Tidur sebentar di sore hari memiliki efek restoratif dan secara signifikan meningkatkan kemampuan otak untuk membentuk koneksi baru. “Tidur siang dapat mempertahankan kinerja dalam situasi yang sangat menuntut.”
Otak dapat memulihkan dan meningkatkan kapasitas belajarnya melalui tidur siang singkat, bukan hanya tidur malam yang lebih lama, demikian temuan penelitian diterbitkan pada hari Kamis di jurnal NeuroImage.
Sampai tidur siang saja sudah cukup mengatur ulang koneksi antar sel saraf, memungkinkan informasi baru disimpan lebih efektifmenurut penelitian yang dilakukan oleh para ahli dari University Medical Center of Freiburg (Jerman), University Hospitals of Geneva (HUG) dan University of Geneva (UNIGE).
“Bahkan tidur dalam waktu singkat meningkatkan kemampuan otak untuk menyandikan informasi baru,” tegasnya. Christoph Nissendirektur penelitian, saat ini kepala Pusat Pengobatan Tidur di Rumah Sakit Jenewa dan profesor Psikiatri di UNIGE, dalam siaran pers HUG.
Otak terus aktif sepanjang hari, memproses kesan, pemikiran, dan informasi baru. Hal ini memperkuat hubungan antar sel saraf (sinapsis) yang penting untuk belajar, namun dapat menimbulkan kejenuhan sehingga menurunkan kemampuan otak untuk terus belajar.
Tidur membantu mengatur aktivitas berlebihan ini tanpa kehilangan informasi penting, dan kini sebuah penelitian baru menunjukkan hal tersebut “reset sinaptik” hal ini dapat terjadi hanya dengan tidur siang, “memberikan ruang untuk terbentuknya kenangan baru,” kata Nissen.

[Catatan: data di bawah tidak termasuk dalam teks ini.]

Lemma prime_rel_residual p :
  (forall x, exists y, (x, y) \in p) ->
  (forall b, rel_comp (rel_residual p b) b = p ->
             rel_invertible b || rel_invertible (rel_residual p b)) ->
  prime_rel p.
Proof.
move=> p_total p_res a b ab; set A := rel_residual p b.
have aA x y : (x, y) \in a -> (x, y) \in A.
  move=> xy; rewrite inE; apply/forallP => z; apply/implyP => yz.
  by rewrite -ab in_rel_comp; apply/existsP; exists y; rewrite xy.
have Ab : rel_comp A b = p.
  apply/setP => -[x z]; apply/idP/idP.
    by rewrite in_rel_comp => /existsP[y /andP[]]; rewrite inE => /forallP/(_ z)/implyP.
  rewrite -{1}ab !in_rel_comp => /existsP[y /andP[/aA xy yz]].
  by apply/existsP; exists y; rewrite xy.
case/orP: (p_res b Ab) => [->|A_inv]; first by rewrite orbT.
suff -> : a = A by rewrite A_inv.
apply/setP => -[x y]; apply/idP/idP => [/aA //|xy].
have [z] := p_total x; rewrite -ab in_rel_comp => /existsP[y' /andP[xy' _]].
by rewrite (rel_invertible_functional A_inv xy (aA _ _ xy')).
Qed.

End Relations.

Section Pullback.

Variables (X Y : finType).

Definition rel_pull (f : Y -> X) (R : rel_on X) : rel_on Y :=
  [set q | (f q.1, f q.2) \in R].

Lemma rel_pull_comp (f : Y -> X) (g : X -> Y) : cancel g f ->
  {morph rel_pull f : R S / rel_comp R S}.
Proof.
move=> gK R S; apply/setP => -[y w]; rewrite inE /= !in_rel_comp.
apply/existsP/existsP => [[x]|[z]]; first by exists (g x); rewrite !inE /= gK.
by rewrite !inE /= => fyzw; exists (f z).
Qed.

Lemma rel_pull_diag (f : Y -> X) : injective f -> rel_pull f (rel_diag X) = rel_diag Y.
Proof. by move=> f_inj; apply/setP => -[y w]; rewrite !inE /= (inj_eq f_inj). Qed.

End Pullback.

Lemma rel_pullK (X Y : finType) (f : Y -> X) (g : X -> Y) :
  cancel g f -> cancel (rel_pull f) (rel_pull g).
Proof. by move=> gK R; apply/setP => -[x z]; rewrite !inE /= !gK. Qed.

Lemma mem_ord_iota n (i : 'I_n) : nat_of_ord i \in iota 0 n.
Proof. by rewrite mem_iota ltn_ord. Qed.

Lemma has_iota_ord n (P : pred nat) : has P (iota 0 n) = [exists i : 'I_n, P i].
Proof.
rewrite -val_enum_ord has_map; apply/hasP/existsP => [[i _ Pi]|[i Pi]].
  by exists i.
by exists i; rewrite ?mem_enum.
Qed.

Lemma all_iota_ord n (P : pred nat) : all P (iota 0 n) = [forall i : 'I_n, P i].
Proof.
by apply/negb_inj; rewrite -has_predC has_iota_ord negb_forall.
Qed.

Fixpoint all_seqs (T : Type) (s : seq T) (n : nat) : seq (seq T) :=
  if n is n'.+1 then [seq x :: l | x <- s, l <- all_seqs s n'] else [:: [::]].

Lemma mem_all_seqs (T : eqType) (s l : seq T) n :
  size l = n -> all (mem s) l -> l \in all_seqs s n.
Proof.
elim: l n => [|x l IHl] [|n] //= [<-] /andP[xs ls].
exact: (allpairs_f (fun x l => x :: l)) xs (IHl _ _ ls).
Qed.

(* Relations on ['I_4] as boolean matrices indexed by [nat], so that the
   primality test below can be evaluated by [vm_compute]: finset operations
   are locked and do not reduce. *)
Definition bmx := nat -> nat -> bool.

Local Notation I4 := (iota 0 4).

Definition rel_of_bmx (m : bmx) : rel_on 'I_4 := [set q : 'I_4 * 'I_4 | m q.1 q.2].
Definition bmx_of_seq (l : seq (seq bool)) : bmx := fun i j => nth false (nth [::] l i) j.
Definition bmx_table (m : bmx) : seq (seq bool) := [seq [seq m i j | j <- I4] | i <- I4].
Definition bmx_of_rel (R : rel_on 'I_4) : bmx := fun i j => (inord i, inord j) \in R.

Definition bmx_comp (a b : bmx) : bmx := fun i k => has (fun j => a i j && b j k) I4.
Definition bmx_conv (m : bmx) : bmx := fun i j => m j i.
Definition bmx_diag : bmx := fun i j => i == j.
Definition bmx_top : bmx := fun _ _ => true.
Definition bmx_eq (a b : bmx) : bool := all (fun i => all (fun j => a i j == b i j) I4) I4.
Definition bmx_invertible (m : bmx) : bool :=
  bmx_eq (bmx_comp m (bmx_conv m)) bmx_diag && bmx_eq (bmx_comp (bmx_conv m) m) bmx_diag.
Definition bmx_residual (p b : bmx) : bmx := fun i y => all (fun z => b y z ==> p i z) I4.

Lemma rel_of_bmx_table m : rel_of_bmx (bmx_of_seq (bmx_table m)) = rel_of_bmx m.
Proof.
apply/setP => -[i j]; rewrite !inE /bmx_of_seq /=.
by rewrite !(nth_map 0) ?size_iota // !nth_iota.
Qed.

Lemma rel_of_bmx_of_rel R : rel_of_bmx (bmx_of_rel R) = R.
Proof. by apply/setP => -[i j]; rewrite inE /bmx_of_rel /= !inord_val. Qed.

Lemma rel_of_bmx_comp a b :
  rel_of_bmx (bmx_comp a b) = rel_comp (rel_of_bmx a) (rel_of_bmx b).
Proof.
apply/setP => -[i k]; rewrite in_rel_comp inE /= /bmx_comp has_iota_ord.
by apply: eq_existsb => j; rewrite !inE.
Qed.

Lemma rel_of_bmx_conv m : rel_of_bmx (bmx_conv m) = rel_conv (rel_of_bmx m).
Proof. by apply/setP => -[i j]; rewrite in_rel_conv !inE. Qed.

Lemma rel_of_bmx_diag : rel_of_bmx bmx_diag = rel_diag 'I_4.
Proof. by apply/setP => -[i j]; rewrite !inE. Qed.

Lemma rel_of_bmx_top : rel_of_bmx bmx_top = setT.
Proof. by apply/setP => -[i j]; rewrite !inE. Qed.

Lemma rel_of_bmx_residual p b :
  rel_of_bmx (bmx_residual p b) = rel_residual (rel_of_bmx p) (rel_of_bmx b).
Proof.
apply/setP => -[i y]; rewrite !inE /= /bmx_residual all_iota_ord.
by apply: eq_forallb => z; rewrite !inE.
Qed.

Lemma bmx_eqE a b : bmx_eq a b = (rel_of_bmx a == rel_of_bmx b).
Proof.
rewrite /bmx_eq all_iota_ord; apply/forallP/eqP => [ab|ab i].
  apply/setP => -[i j]; rewrite !inE.
  by move/allP: (ab i) => /(_ j (mem_ord_iota j))/eqP.
rewrite all_iota_ord; apply/forallP => j.
by have /setP/(_ (i, j)) := ab; rewrite !inE => ->.
Qed.

Lemma bmx_invertibleE m : bmx_invertible m = rel_invertible (rel_of_bmx m).
Proof.
by rewrite /bmx_invertible !bmx_eqE !rel_of_bmx_comp rel_of_bmx_conv rel_of_bmx_diag.
Qed.

Lemma bmx_rows_meetE m :
  bmx_eq (bmx_comp m (bmx_conv m)) bmx_top = rel_rows_meet (rel_of_bmx m).
Proof. by rewrite bmx_eqE rel_of_bmx_comp rel_of_bmx_conv rel_of_bmx_top. Qed.

(* The criterion of [prime_rel_residual], for all 2^16 relations [b]; the
   residual is tabulated so that it is evaluated only once per [b]. *)
Definition bmx_prime_test (p : bmx) : bool :=
  all (fun i => has (p i) I4) I4 &&
  all (fun l => let b := bmx_of_seq l in
                let a := bmx_of_seq (bmx_table (bmx_residual p b)) in
                if bmx_eq (bmx_comp a b) p then bmx_invertible b || bmx_invertible a else true)
      (all_seqs (all_seqs [:: true; false] 4) 4).

Lemma bmx_prime_test_sound p : bmx_prime_test p -> prime_rel (rel_of_bmx p).
Proof.
case/andP=> /allP p_total /allP p_res; apply: prime_rel_residual => [x|b].
  have /hasP[y] := p_total x (mem_ord_iota x); rewrite mem_iota => y4 xy.
  by exists (inord y); rewrite inE /= inordK.
have b_in : bmx_table (bmx_of_rel b) \in all_seqs (all_seqs [:: true; false] 4) 4.
  apply: mem_all_seqs; first by rewrite size_map size_iota.
  apply/allP => _ /mapP[i _ ->]; apply: mem_all_seqs; first by rewrite size_map size_iota.
  by apply/allP => -[].
rewrite -(rel_of_bmx_of_rel b) -(rel_of_bmx_table (bmx_of_rel b)).
move: (bmx_table (bmx_of_rel b)) b_in => l /p_res /=.
rewrite -rel_of_bmx_residual -(rel_of_bmx_table (bmx_residual _ _)) -rel_of_bmx_comp.
by rewrite -!bmx_invertibleE bmx_eqE; case: eqP.
Qed.

Local Open Scope ring_scope.

Section SquareZeroRep.

Variables (X : finType) (k : fieldType) (p q : rel_on X).
Hypothesis diag_prime : prime_rel (rel_diag X).
Hypotheses (p_prime : prime_rel p) (q_prime : prime_rel q).
Hypotheses (p_ninv : ~~ rel_invertible p) (q_ninv : ~~ rel_invertible q).
Hypothesis pq_nassoc : ~~ rel_assoc p q.
Variables (m : nat) (A B : 'M[k]_m).
Hypotheses (AA : A *m A = 0) (AB : A *m B = 0) (BA : B *m A = 0) (BB : B *m B = 0).

Definition sqz_act (R : rel_on X) : 'M[k]_m :=
  if rel_invertible R then 1%:M
  else if rel_assoc p R then A else if rel_assoc q R then B else 0.

Lemma sqz_act_rep : is_BX_rep sqz_act.
Proof.
split=> [|R S]; first by rewrite /sqz_act rel_invertible_diag.
rewrite /sqz_act; have [R_inv|R_ninv] := boolP (rel_invertible R).
  by rewrite rel_invertible_compl // !rel_assoc_compl // mulmx1.
have [S_inv|S_ninv] := boolP (rel_invertible S).
  by rewrite rel_invertible_compr // !rel_assoc_compr // (negbTE R_ninv) /= mul1mx.
have not_assoc P : prime_rel P -> rel_assoc P (rel_comp R S) = false.
  move=> P_prime; apply/negbTE/negP => /(prime_rel_assoc P_prime)/(_ R S erefl).
  by rewrite (negbTE R_ninv) (negbTE S_ninv).
rewrite -(rel_assoc1 (rel_comp R S)) !not_assoc //.
by do 4?case: ifP => _; rewrite ?AA ?AB ?BA ?BB ?mulmx0 ?mul0mx.
Qed.

Lemma sqz_act_p : sqz_act p = A.
Proof. by rewrite /sqz_act (negbTE p_ninv) rel_assoc_refl. Qed.

Lemma sqz_act_q : sqz_act q = B.
Proof. by rewrite /sqz_act (negbTE q_ninv) (negbTE pq_nassoc) rel_assoc_refl. Qed.

End SquareZeroRep.

Section ShiftMatrix.

Variable R : pzRingType.

Definition shift_mx m p d : 'M[R]_(m, p) := \matrix_(i, j) (j == i + d :> nat)%N%:R.

Lemma mul_shift_mxE m p q d (Q : 'M[R]_(p.+1, q)) (i : 'I_m) j :
  (i + d <= p)%N -> (shift_mx m p.+1 d *m Q) i j = Q (inord (i + d)) j.
Proof.
move=> idp; rewrite mxE (bigD1 (inord (i + d))) //= big1 ?addr0.
  by rewrite mxE inordK // eqxx mul1r.
move=> l l_neq; rewrite mxE; case: eqP => [li|_]; last by rewrite mul0r.
by rewrite -li inord_val eqxx in l_neq.
Qed.

Lemma mulmx_shiftE m p q d (P : 'M[R]_(q, m.+1)) i (j : 'I_p) :
  (P *m shift_mx m.+1 p d) i j =
    if (d <= j <= m + d)%N then P i (inord (j - d)) else 0.
Proof.
rewrite mxE; case: ifP => [/andP[dj jmd]|jd].
  rewrite (bigD1 (inord (j - d))) //= big1 ?addr0.
    by rewrite mxE inordK; [rewrite subnK // eqxx mulr1 | lia].
  move=> l l_neq; rewrite mxE; case: eqP => [jl|_]; last by rewrite mulr0.
  by rewrite jl addnK inord_val eqxx in l_neq.
rewrite big1 // => l _; rewrite mxE; case: eqP => [jl|_]; last by rewrite mulr0.
by move: jd; rewrite jl leq_addl /= leq_add2r -ltnS ltn_ord.
Qed.

End ShiftMatrix.

Lemma shift_invariant_scalar (R : nmodType) (f : nat -> nat -> R) N :
  (forall x y, x < N -> y < N -> f x.+1 y.+1 = f x y)%N ->
  (forall x, (x < N)%N -> f x N = 0) ->
  (forall x, (x < N)%N -> f x.+1 0%N = 0) ->
  forall x y, (x <= N)%N -> (y <= N)%N -> f x y = f 0%N 0%N *+ (x == y).
Proof.
move=> f_shift f_last f_first.
have f_shiftn t x y :
    (x + t <= N)%N -> (y + t <= N)%N -> f (x + t)%N (y + t)%N = f x y.
  elim: t => [|t IHt] xtN ytN; first by rewrite !addn0.
  by rewrite !addnS f_shift ?IHt //; lia.
move=> x y xN yN; case: ltngtP => [xy|yx|<-]; rewrite ?mulr0n.
- rewrite -(f_shiftn (N - y)%N) ?subnKC ?f_last //; lia.
- have := f_shiftn y (x - y)%N 0%N.
  rewrite add0n subnK ?(ltnW yx) // => /(_ xN yN) ->.
  by rewrite -(subnSK yx) f_first //; lia.
- by rewrite -[x]add0n f_shiftn.
Qed.

Section BlockUpper.

Variables (R : pzRingType) (m1 m2 : nat).

Lemma mul_block_ur (F G : 'M[R]_(m1, m2)) :
  block_mx 0 F 0 0 *m block_mx 0 G 0 0 = 0 :> 'M_(m1 + m2).
Proof. by rewrite mulmx_block !mulmx0 !mul0mx !addr0 block_mx0. Qed.

Lemma comm_block_ur (P : 'M[R]_m1) F G Q (C : 'M_(m1, m2)) :
  block_mx P F G Q *m block_mx 0 C 0 0 = block_mx 0 C 0 0 *m block_mx P F G Q ->
  G *m C = 0 /\ P *m C = C *m Q.
Proof.
rewrite !mulmx_block !mulmx0 !mul0mx !addr0 !add0r.
by case/eq_block_mx => _ -> _ ->.
Qed.

End BlockUpper.

Lemma idempotent_block_scalar (R : idomainType) m1 m2 c (F : 'M[R]_(m1, m2.+1)) :
  let E := block_mx c%:M F 0 c%:M in E *m E = E -> E = 0 \/ E = 1%:M.
Proof.
move=> E; rewrite /E mulmx_block !mulmx0 !mul0mx !addr0 !add0r -!scalar_mxM.
rewrite mul_scalar_mx mul_mx_scalar => /eq_block_mx[_ cF _ cc].
have {cc}: c * c = c by have /matrixP/(_ ord0 ord0) := cc; rewrite !mxE eqxx !mulr1n.
move/eqP; rewrite -subr_eq0 -{3}[c]mulr1 -mulrBr mulf_eq0 subr_eq0.
case/orP=> [/eqP c0|/eqP c1].
  by left; move: cF; rewrite c0 !scale0r addr0 => <-; rewrite !raddf0 block_mx0.
right; move/eqP: cF; rewrite c1 scale1r -{3}[F]addr0 (inj_eq (addrI F)) => /eqP ->.
by rewrite -scalar_mx_block.
Qed.

Section Kronecker.

Variables (k : fieldType) (n : nat).

Local Notation S := (shift_mx k n.+1 n.+2 0).
Local Notation T := (shift_mx k n.+1 n.+2 1).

Penelitian tersebut mengamati 20 orang dewasa muda yang, pada dua sore berbeda, tidur siang selama 45 menit atau tetap terjaga. Aktivitas otak mereka dianalisis menggunakan metode non-invasif, seperti stimulasi magnetik transkranial dan elektroensefalogram.
Hasilnya menunjukkan bahwa, setelah tidur siang, kekuatan keseluruhan koneksi sinaptik di otak telah menurunindikasi efek restoratif dari tidur, sekaligus Kemampuan otak untuk membentuk koneksi baru telah meningkat secara signifikan.
Studi ini menawarkan penjelasan biologis mengapa orang umumnya berkinerja lebih baik setelah tidur siang, terutama dalam profesi atau aktivitas yang memerlukan kinerja mental atau fisik tingkat tinggi, seperti musik, olahraga, atau peran yang penting bagi keselamatan.
“Tidur siang dapat mempertahankan kinerja dalam situasi yang sangat menuntut”, direktur penelitian tersebut menyimpulkan.
Ini juga bukanlah studi pertama menunjuk pada kesimpulan ini.
Jadi, jika Anda berpikir bahwa “tidur siang itu menjijikkan”, hanya “untuk hewan peliharaan dan bayi” dan bahwa “tidur harus dilakukan di malam hari” seperti yang dipikirkan oleh orang yang diwawancarai di kereta bawah tanah New York, Anda salah.